Later, individual areas gradually took the teetotal option. During the Civil War, Maine recruited its own Temperance regiment, which presumably could boast hangover-free soldiers for those early morning battles. Christian ladies who smashed up saloons even had their own newspaper, The Smashers' Mail. The Bible was bowdlerised to delete all references to wine. By 1908, Prohibition was being test-marketed in practically all of Ohio. During WWI, Prohibition seemed rather patriotic, as many of the breweries were owned by Germans. Legislation was passed in January 1919, which left a year's drinking-up time before it was implemented.

As a teetotaller who refused even a glass of champagne in the early hours of 2 May 1997, I would like to find something to applaud about the Volstead Act. Behr finds virtually nothing, apart from a brief decline in cases of cirrhosis of the liver. Alcohol could not be uninvented.

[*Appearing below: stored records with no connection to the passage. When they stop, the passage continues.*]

(* Let $T$ be a compact metric space with a finite Borel measure, $C:T\times T\to\mathbb{R}$ a continuous symmetric positive semidefinite kernel with Mercer expansion $C(s,t)=\sum_j\lambda_j\phi_j(s)\phi_j(t)$ ($\lambda_1\ge\lambda_2\ge\dots>0$, $\{\phi_j\}$ orthonormal in $L^2(T)$), and let $\eta>1$ be such that $\mathrm{tr}(C^{\eta-1})=\sum_j\lambda_j^{\eta-1}<\infty$ and $\kappa^2:=\sup_{x\in T}C^\eta(x,x)<\infty$, where $C^\eta(s,t)=\sum_j\lambda_j^\eta\phi_j(s)\phi_j(t)$. Let $\mathcal{H}_{C^\eta}$ be the RKHS of $C^\eta$ with norm $\|\cdot\|_{C^\eta}$. Data records are $d=(x,y)\in T\times\mathcal{Y}$, and the loss is $L(d,f)=\ell(y,f(x))$ where, for each $y$, $u\mapsto\ell(y,u)$ is convex and $M$-Lipschitz on $\mathbb{R}$ ($M$-admissible loss). For a dataset $D=(d_1,\dots,d_n)$ and $\psi>0$, let $\hat f_D$ be the minimizer over $f\in\mathcal{H}_{C^\eta}$ of $\frac1n\sum_{i=1}^nL(d_i,f)+\psi\|f\|_{C^\eta}^2$. Then $$\sup_{D\sim D'}\|\hat f_D-\hat f_{D'}\|_{1,C}\le\frac{M}{\psi n}\sqrt{\sup_{x}C^\eta(x,x)}\,\sqrt{\mathrm{tr}(C^{\eta-1})}.$$
   Context: For $h\in L^2(T)$, $h_j=\langle h,\phi_j\rangle_{L^2}$ and $\|h\|_{1,C}=\sum_j|h_j|/\sqrt{\lambda_j}$. Datasets $D\sim D'$ are adjacent if they differ in exactly one record. (The paper's display writes the penalty as $\psi\|f\|_{C^\eta}$; its argument uses the squared norm, as stated here.) *)

From HB Require Import structures.
From mathcomp Require Import all_boot all_order all_algebra.
From mathcomp Require Import all_classical all_reals all_analysis.
Set Implicit Arguments. Unset Strict Implicit. Unset Printing Implicit Defensive.
Import Order.TTheory GRing.Theory Num.Theory.
Import numFieldNormedType.Exports.
Local Open Scope classical_set_scope.
Local Open Scope ring_scope.

Section Defs.
Variables (R : realType) (T : Type).

Definition kernel_symmetric (C : T -> T -> R) := forall s t, C s t = C t s.

Definition kernel_psd (C : T -> T -> R) :=
  forall (m : nat) (x : 'I_m -> T) (c : 'I_m -> R),
    0 <= \sum_(i < m) \sum_(j < m) c i * c j * C (x i) (x j).

Definition kernel_pow (lam : nat -> R) (phi : nat -> T -> R) (eta : R)
  (s t : T) : R :=
  limn (fun N => \sum_(0 <= j < N) (lam j `^ eta) * phi j s * phi j t).

Definition trace_pow (lam : nat -> R) (eta : R) : R :=
  limn (fun N => \sum_(0 <= j < N) lam j `^ (eta - 1)).

(* a : nat -> R is the coefficient sequence (in the Mercer basis) of a
   function f of the RKHS H_{C^eta}:  f = sum_j a_j phi_j  pointwise, with
   sum_j a_j^2 / lambda_j^eta < oo. *)
Definition rkhs_rep (lam : nat -> R) (phi : nat -> T -> R) (eta : R)
  (f : T -> R) (a : nat -> R) : Prop :=
  cvgn (fun N => \sum_(0 <= j < N) a j ^+ 2 / lam j `^ eta) /\
  forall x, (fun N => \sum_(0 <= j < N) a j * phi j x) @ \oo --> f x.

Definition in_rkhs lam phi eta (f : T -> R) : Prop :=
  exists a, rkhs_rep lam phi eta f a.

(* squared RKHS norm ||f||_{C^eta}^2 = sum_j a_j^2 / lambda_j^eta
   (the representation is unique; we take the infimum for definiteness) *)
Definition rkhs_sqnorm lam phi eta (f : T -> R) : R :=
  inf [set limn (fun N => \sum_(0 <= j < N) a j ^+ 2 / lam j `^ eta)
      | a in rkhs_rep lam phi eta f].

Definition reg_risk (Y : Type) (ell : Y -> R -> R) (n : nat)
  (D : 'I_n -> T * Y) lam phi eta (psi : R) (f : T -> R) : R :=
  n%:R^-1 * \sum_(i < n) ell (D i).2 (f (D i).1) + psi * rkhs_sqnorm lam phi eta f.

Definition is_reg_minimizer (Y : Type) (ell : Y -> R -> R) (n : nat)
  (D : 'I_n -> T * Y) lam phi eta (psi : R) (f : T -> R) : Prop :=
  in_rkhs lam phi eta f /\
  forall g, in_rkhs lam phi eta g ->
    reg_risk ell D lam phi eta psi f <= reg_risk ell D lam phi eta psi g.

Definition adjacent_datasets (Y : Type) (n : nat) (D D' : 'I_n -> T * Y) : Prop :=
  exists i, D i <> D' i /\ forall j, j <> i -> D j = D' j.

Definition admissible_loss (Y : Type) (ell : Y -> R -> R) (M : R) : Prop :=
  (forall y u v (t : R), 0 <= t <= 1 ->
     ell y (t * u + (1 - t) * v) <= t * ell y u + (1 - t) * ell y v) /\
  (forall y u v, `|ell y u - ell y v| <= M * `|u - v|).

End Defs.

Section L2.
Variables (R : realType) (T : pointedType) (G : set (set T)).
Variable (mu : {measure set (g_sigma_algebraType G) -> \bar R}).

Definition l2_coef (phi : nat -> T -> R) (h : T -> R) (j : nat) : R :=
  Rintegral mu [set: g_sigma_algebraType G] (fun x => h x * phi j x).

Definition norm1C (lam : nat -> R) (phi : nat -> T -> R) (h : T -> R) : \bar R :=
  (\sum_(0 <= j <oo) ((`|l2_coef phi h j| / Num.sqrt (lam j))%:E))%E.
End L2.

From HB Require Import structures.
From mathcomp Require Import all_boot all_order all_algebra.
From mathcomp Require Import all_classical all_reals all_analysis.
From mathcomp Require Import ring lra measurable_realfun.
Set Implicit Arguments.
Unset Strict Implicit.
Unset Printing Implicit Defensive.
Import Order.TTheory GRing.Theory Num.Theory.
Import numFieldNormedType.Exports.
Local Open Scope classical_set_scope.
Local Open Scope ring_scope.

(* Write f = sum_j a_j phi_j, so that ||f||_{C^eta}^2 = sum_j a_j^2 / lam_j^eta.
   Cauchy-Schwarz with the weights lam_j^(eta/2) gives |f(x)| <= ||f|| sqrt(C^eta(x,x))
   and ||f||_{1,C} <= ||f|| sqrt(tr C^(eta-1)).  Since the regularizer is quadratic, a
   minimizer f_D satisfies psi ||g - f_D||^2 <= R_D(g) - R_D(f_D) for every g.  Adding
   this for D and D', the regularizers cancel and only the changed record remains, whose
   loss moves by at most M sup|f_D - f_D'| <= M kappa ||f_D - f_D'||; hence
   ||f_D - f_D'|| <= M kappa / (psi n).  That the RKHS norm is well defined rests on
   a_j = <f, phi_j>_{L^2}, obtained by dominated convergence. *)

Section RealDomainInequalities.
Variable R : realDomainType.
Implicit Types (u v : nat -> R) (N : nat).

Lemma normrM_le_sqrD (a b : R) : `|a * b| <= a ^+ 2 + b ^+ 2.
Proof.
rewrite normrM -(real_normK (num_real a)) -(real_normK (num_real b)).
by have := normr_ge0 a; have := normr_ge0 b; nra.
Qed.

The genie was out of the bottle, or rather, fermenting happily inside it. In 1927 there were an estimated 30,000 illegal speakeasies - twice the number of legal bars before Prohibition. By the same year, when Prohibition had almost half its course still to run, the total of deaths from poisoned liquor reached approximately 50,000, quite apart from cases of blindness and paralysis.

Behr uses the dodgy career of George Remus to show how organised crime filled the vacuum left by the legal drinks industry. No relation to Uncle, Remus was that Mr Big of Booze who presented Pontiacs to his lady guests. He had 1,000 salesmen on his payroll - many of them policemen. He reckoned that half his turnover went on bribes. When two Prohibition Agents accidentally stumbled across his drinks factory at the charmingly named Death Valley Farm, a swift phone call to their boss and a few glasses of something strong made them forget all about it.

Remus did finally end up behind bars. Although there is rather too much about his subsequent life story, which is more to do with crime passionnel than Prohibition, this does provide one of the few cheery notes of the 13 unlucky years. His wife cheated him of his ill-gotten gains and ran off - with a former Prohibition Agent.